Russian, Moldovan diplomats discuss Russian media outlets’ situation, Transnistria issue

Russian Deputy Foreign Minister Grigory Karasin has held a meeting with the Moldovan Foreign Ministry’s State Secretary Tatyana Molchan, the Russian Foreign Ministry said in a statement, adding that that the parties had discussed Russian media outlets’ situation in Moldova and the Transnistria issue.

"Russia emphasized the need to ensure the free operation of Russian media outlets and the use of the Russian language in Moldova, as well as to remove obstacles preventing the two countries from making bilateral agreements to tackle migration issues and prevent the desecration of Russian war memorials," the statement reads.

Karasin also pointed out that Russian nationals continued to receive entry bans on the Moldovan border, TASS reported.

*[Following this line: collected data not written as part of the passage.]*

(* The penalized length m |-> p m + lam 2^-m is convex in m, and the window says
   that its increments change sign at l. *)
Lemma dyadic_window_minimizes (lam p : R) (l : nat) : 0 < lam -> dyadic_window lam p l ->
  forall m, p * INR l + lam * (/ 2) ^ l <= p * INR m + lam * (/ 2) ^ m.
Proof.
  intros Hlam [Hlo Hhi].
  set (f m := p * INR m + lam * (/ 2) ^ m).
  assert (Hstep : forall m, f (S m) = f m + p - lam * (/ 2) ^ (S m))
    by (intros m; unfold f; rewrite S_INR; simpl; field).
  assert (Hscale : forall a b, (a <= b)%nat -> lam * (/ 2) ^ b <= lam * (/ 2) ^ a)
    by (intros a b Hab; apply Rmult_le_compat_l; [lra|now apply pow_inv2_antimono]).
  assert (Hup : forall d, f l <= f (l + d)%nat).
  { induction d as [|d IH]; [rewrite Nat.add_0_r; lra|].
    rewrite Nat.add_succ_r, Hstep; pose proof (Hscale (l + 1)%nat (S (l + d)) ltac:(lia)); lra. }
  assert (Hdown : forall d m, (m + d = l)%nat -> f l <= f m).
  { induction d as [|d IH]; intros m Hm; [subst; rewrite Nat.add_0_r; lra|].
    specialize (IH (S m) ltac:(lia)); rewrite Hstep in IH.
    pose proof (Hscale (S m) l ltac:(lia)); lra. }
  intros m; destruct (Nat.le_ge_cases l m).
  - replace m with (l + (m - l))%nat by lia; apply Hup.
  - apply (Hdown (l - m)%nat); lia.
Qed.

Fixpoint expected_length (ws : list R) (ls : list nat) : R :=
  match ws, ls with
  | p :: ws', l :: ls' => p * INR l + expected_length ws' ls'
  | _, _ => 0
  end.

Lemma cost_expected_length (ws : list R) (c : list (list bool)) :
  cost ws c = expected_length ws (map (@length bool) c).
Proof. revert c; induction ws as [|p ws IH]; intros [|w c]; simpl; auto; now rewrite IH. Qed.

Lemma expected_length_penalized_le (lam : R) (ws : list R) (ls : list nat) :
  0 < lam -> Forall2 (dyadic_window lam) ws ls ->
  forall ls', length ls' = length ws ->
  expected_length ws ls + lam * kraft_sum ls <= expected_length ws ls' + lam * kraft_sum ls'.
Proof.
  intros Hlam HF; induction HF as [|p l ws ls Hpl _ IH]; intros [|l' ls'] Hlen;
    simpl in Hlen; try discriminate; unfold kraft_sum in *; simpl; [lra|].
  specialize (IH ls' ltac:(lia)).
  pose proof (dyadic_window_minimizes lam p l Hlam Hpl l'); lra.
Qed.

(* Lagrangian relaxation of the Kraft constraint, with multiplier lam. *)
Theorem optimal_code_of_dyadic_window (lam : R) (ws : list R) (c : list (list bool)) :
  0 < lam -> Forall2 (dyadic_window lam) ws (map (@length bool) c) ->
  kraft_sum (map (@length bool) c) = 1 -> prefix_free c -> optimal_code ws c.
Proof.
  intros Hlam HF Hk Hpf.
  assert (Hlen : length c = length ws)
    by (rewrite <- (length_map (@length bool)); symmetry; eapply Forall2_length; eauto).
  split; [rewrite <- Hlen; now apply prefix_free_prefix_code|].
  intros c' Hc'; rewrite !cost_expected_length.
  pose proof (kraft_inequality c' (prefix_code_prefix_free _ _ Hc')) as Hkraft.
  assert (Hlen' : length (map (@length bool) c') = length ws) by (rewrite length_map; apply Hc').
  pose proof (expected_length_penalized_le lam ws _ Hlam HF _ Hlen'); nra.
Qed.

Lemma fold_right_min_ge (L d : nat) (l : list nat) :
  (L <= d)%nat -> Forall (fun x => (L <= x)%nat) l -> (L <= fold_right Nat.min d l)%nat.
Proof. intros Hd; induction 1; simpl; lia. Qed.

Lemma fringe_thickness_le (c : list (list bool)) (L d : nat) :
  (forall w, In w c -> (L <= length w <= L + d)%nat) -> (fringe_thickness c <= d)%nat.
Proof.
  intros Hc; unfold fringe_thickness, min_list.
  assert (Hall : Forall (fun x => (L <= x <= L + d)%nat) (map (@length bool) c)).
  { apply Forall_forall; intros x Hx; apply in_map_iff in Hx as [w [<- Hw]]; now apply Hc. }
  assert (Hmax : (list_max (map (@length bool) c) <= L + d)%nat).
  { apply list_max_le; eapply Forall_impl; [|exact Hall]; simpl; lia. }
  destruct (map (@length bool) c) as [|x xs]; simpl hd; [simpl; lia|].
  assert (L <= fold_right Nat.min x (x :: xs))%nat; [|lia].
  apply fold_right_min_ge; [apply Forall_inv in Hall; lia|].
  eapply Forall_impl; [|exact Hall]; simpl; lia.
Qed.

(** * Length assignments on the grid *)

Section Grid.
Open Scope nat_scope.

Definition grid {A : Type} (k : nat) (f : nat -> nat -> A) : list A :=
  flat_map (fun i => map (f i) (seq 0 k)) (seq 0 k).

Lemma In_grid {A : Type} (k : nat) (f : nat -> nat -> A) (x : A) :
  In x (grid k f) <-> exists i j, i < k /\ j < k /\ x = f i j.
Proof.
  unfold grid; rewrite in_flat_map; split.
  - intros [i [Hi Hx]]; apply in_map_iff in Hx as [j [<- Hj]]; apply in_seq in Hi, Hj.
    exists i, j; repeat split; lia.
  - intros [i [j [Hi [Hj ->]]]]; exists i; split; [apply in_seq; lia|].
    apply in_map, in_seq; lia.
Qed.

Lemma grid_ext {A : Type} (k : nat) (f g : nat -> nat -> A) :
  (forall i j, i < k -> j < k -> f i j = g i j) -> grid k f = grid k g.
Proof.
  intros H; unfold grid; rewrite !flat_map_concat_map; f_equal.
  apply map_ext_in; intros i Hi; apply map_ext_in; intros j Hj.
  apply in_seq in Hi, Hj; apply H; lia.
Qed.
Lemma card_gt2_fset (K : choiceType) (A : {fset K}) : (2 < #|` A|)%N ->
  exists x y z, [/\ x \in A, y \in A & z \in A] /\ [/\ x != y, x != z & y != z].
Proof.
move=> A3.
have [x xA] : exists x, x \in A.
  by apply/fset0Pn; rewrite -cardfs_gt0; apply: leq_trans A3.
have A2 : (1 < #|` A `\ x|)%N by move: A3; rewrite (cardfsD1 x) xA.
have [y yA] : exists y, y \in A `\ x.
  by apply/fset0Pn; rewrite -cardfs_gt0; apply: leq_trans A2.
have A1 : (0 < #|` A `\ x `\ y|)%N by move: A2; rewrite (cardfsD1 y) yA.
have [z zA] : exists z, z \in A `\ x `\ y by apply/fset0Pn; rewrite -cardfs_gt0.
move: zA yA; rewrite !in_fsetD1 => /and3P[zy zx zA] /andP[yx yA].
by exists x, y, z; split; split; rewrite // eq_sym.
Qed.

End FsetCard.

Section Annihilators.
Variable R : comPzRingType.
Implicit Types a b c t u v w x y z : R.

Lemma annC x y : ann x y = ann y x.
Proof. by rewrite /ann /= mulrC. Qed.

Lemma ann_opp x : ann (- x) = ann x.
Proof.
apply/seteqP; split => t; rewrite /ann /= mulNr; last by move=> ->; rewrite oppr0.
by move/eqP; rewrite oppr_eq0 => /eqP.
Qed.

Lemma zdivs_mul0 x y : x != 0 -> y != 0 -> x * y = 0 -> zdivs R x.
Proof. by move=> x0 y0 xy; split => //; exists y. Qed.

Lemma eclass_eq x y : eclass x = eclass y <-> ann x = ann y.
Proof.
split=> [E|E]; last by rewrite /eclass E.
by have : eclass x x by []; rewrite E.
Qed.

Lemma eclass_vertex x : zdivs R x -> GE_vertices R (eclass x).
Proof. by exists x. Qed.

Lemma GE_adj_sym (U V : set R) : GE_adj U V -> GE_adj V U.
Proof.
case=> UV [x [y [zx [zy [EU [EV xy]]]]]]; split; first by move=> /esym.
by exists y, x; rewrite mulrC.
Qed.

Lemma GE_adj_eclass a c : zdivs R a -> zdivs R c ->
  GE_adj (eclass a) (eclass c) <-> ann a <> ann c /\ a * c = 0.
Proof.
move=> za zc; split; last by case=> ac e; split; [move/eclass_eq|exists a, c].
case=> /eclass_eq ac [x [y [_ [_ [/eclass_eq ax [/eclass_eq cy xy]]]]]].
split=> //; have : ann y a by rewrite annC ax.
by rewrite -cy annC.
Qed.

Definition ann_maximal b :=
  zdivs R b /\ forall z, zdivs R z -> ann b `<=` ann z -> ann z = ann b.

Lemma exists_ann_maximal (fV : finite_set (GE_vertices R)) x : zdivs R x ->
  exists2 b, ann_maximal b & ann x `<=` ann b.
Proof.
move=> zx.
have finA : finite_set ((@ann R) @` zdivs R).
  suff -> : (@ann R) @` zdivs R = (fun V => \bigcap_(y in V) ann y) @` GE_vertices R.
    exact: finite_image.
  rewrite /GE_vertices image_comp; apply: eq_imagel => y _ /=.
  apply/seteqP; split => t; first by move=> yt z /= ->.
  by apply.
have [_ [b zb <-] [sxb maxb]] := finite_maximal_above finA (ex_intro2 _ _ x zx erefl).
by exists b => //; split => // z zz sbz; apply: maxb => //; exists z.
Qed.

End Annihilators.

Section RegularGraph.
Variable R : comPzRingType.
Hypothesis finV : finite_set (GE_vertices R).
Hypothesis regV : GE_regular R.
Implicit Types a b c d t u v w x y z : R.

Lemma in_GE_nbhd (U V : set R) :
  (V \in fset_set (GE_nbhd U)) = (V \in GE_nbhd U).
Proof. by rewrite in_fset_set //; apply: sub_finite_set finV => W []. Qed.
(* Two irrationals $\alpha,\beta\in(1,2)$ are $\mathrm{PSL}(2,\mathbb Z)$-equivalent (i.e. $\beta=g\alpha$ for some $g\in\mathrm{PSL}(2,\mathbb Z)$ acting by Möbius transformations) if and only if there exist integers $r,s>0$ such that $t_r(\alpha)=t_s(\beta)$. Moreover, $\alpha$ is $\mathrm{PSL}(2,\mathbb Z)$-equivalent to each of its tails $t_m(\alpha)$.
   Context: The Lehner map on $[1,2)$ is $L(x)=\frac{1}{2-x}$ for $x\in[1,3/2)$ and $L(x)=\frac{1}{x-1}$ for $x\in[3/2,2)$. For irrational $x\in(1,2)$, its Lehner digits are $(a_i,\epsilon_i)=(2,-1)$ if $L^i(x)\in[1,3/2)$ and $(1,+1)$ if $L^i(x)\in[3/2,2)$, and $x=a_0+\cfrac{\epsilon_0}{a_1+\cfrac{\epsilon_1}{a_2+\cdots}}=[\![(a_0,\epsilon_0)(a_1,\epsilon_1)\cdots]\!]$. For $\alpha=[\![(a_0,\epsilon_0)(a_1,\epsilon_1)\cdots]\!]$ the $m$-tail is $t_m(\alpha)=(-\epsilon_0)(-\epsilon_1)\cdots(-\epsilon_m)\,[\![(a_{m+1},\epsilon_{m+1})(a_{m+2},\epsilon_{m+2})\cdots]\!]$, where $[\![\cdots]\!]$ denotes the value of the continued fraction with those digits. *)

From Stdlib Require Import Reals ZArith.
Open Scope R_scope.

(* The Lehner map on [1,2): L(x) = 1/(2-x) on [1,3/2), 1/(x-1) on [3/2,2).
   (Made total on R; only its values on (1,2) matter.) *)
Definition lehner (x : R) : R :=
  if Rlt_dec x (3/2) then / (2 - x) else / (x - 1).

Definition lehner_iter (n : nat) (x : R) : R := Nat.iter n lehner x.

Definition lehner_eps (x : R) (i : nat) : R :=
  if Rlt_dec (lehner_iter i x) (3/2) then -1 else 1.
Definition lehner_a (x : R) (i : nat) : R :=
  if Rlt_dec (lehner_iter i x) (3/2) then 2 else 1.

Fixpoint cf_conv (a e : nat -> R) (n k : nat) : R :=
  match n with
  | O => a k
  | S n' => a k + e k / cf_conv a e n' (S k)
  end.

Definition cf_value (a e : nat -> R) (k : nat) (v : R) : Prop :=
  Un_cv (fun n => cf_conv a e n k) v.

According to the Russian Foreign Ministry, while discussing bilateral relationship, the parties agreed that its current state did not live up to its potential, as there were not enough contacts between the two countries’ governments, parliaments and ministries despite an active high-level dialogue. In this regard, the parties discussed ways to improve the situation, including the possibility of holding a meeting of the intergovernmental commission on economic cooperation.

Transnistria situation

Russia confirmed its readiness to promote dialogue between Chisinau and Tiraspol as a guarantor country and a mediator in negotiations, the Russian Foreign Ministry pointed out.

"Russia stated that in order to resolve the Transnistria issue, the opposing sides needed to reach a reasonable and balanced compromise with the assistance of international mediators," the statement says. "Russia pointed out that it was counterproductive to keep raising the question of its military presence on the left bank of the Dniester River, particularly at international platforms," the ministry added.

The parties agreed that there was a need to continue the "five-plus-two" process involving Moldova, Transnistria, Russia, Ukraine, the Organization for Security and Cooperation in Europe (OSCE) and observers from the United States and the European Union.

A thing to note is that Russian peacekeepers were deployed to the conflict zone on July 29, 1992, in compliance with an agreement to peacefully settle the armed conflict in the Transnistrian region of Moldova that the presidents of Russia and Moldova signed in the presence of the Transnistrian leader on July 21, 1992. At present, Russian peacekeepers maintain peace in the security zone that separates the sides, together with peacekeepers from Moldova and Transnistria and a group of military observers from Ukraine.

The Russian Operational Group, also deployed to Transnistria, is mandated to assist the peacekeeping operation and protect ammunition depots near the community of Kolbasna, which store over 20,000 tonnes of munitions brought there following the Soviet Army’s withdrawal from European countries. Tiraspol opposes the withdrawal of Russian troops considering their presence to be "the sole guarantee of peace in the Dniester River area."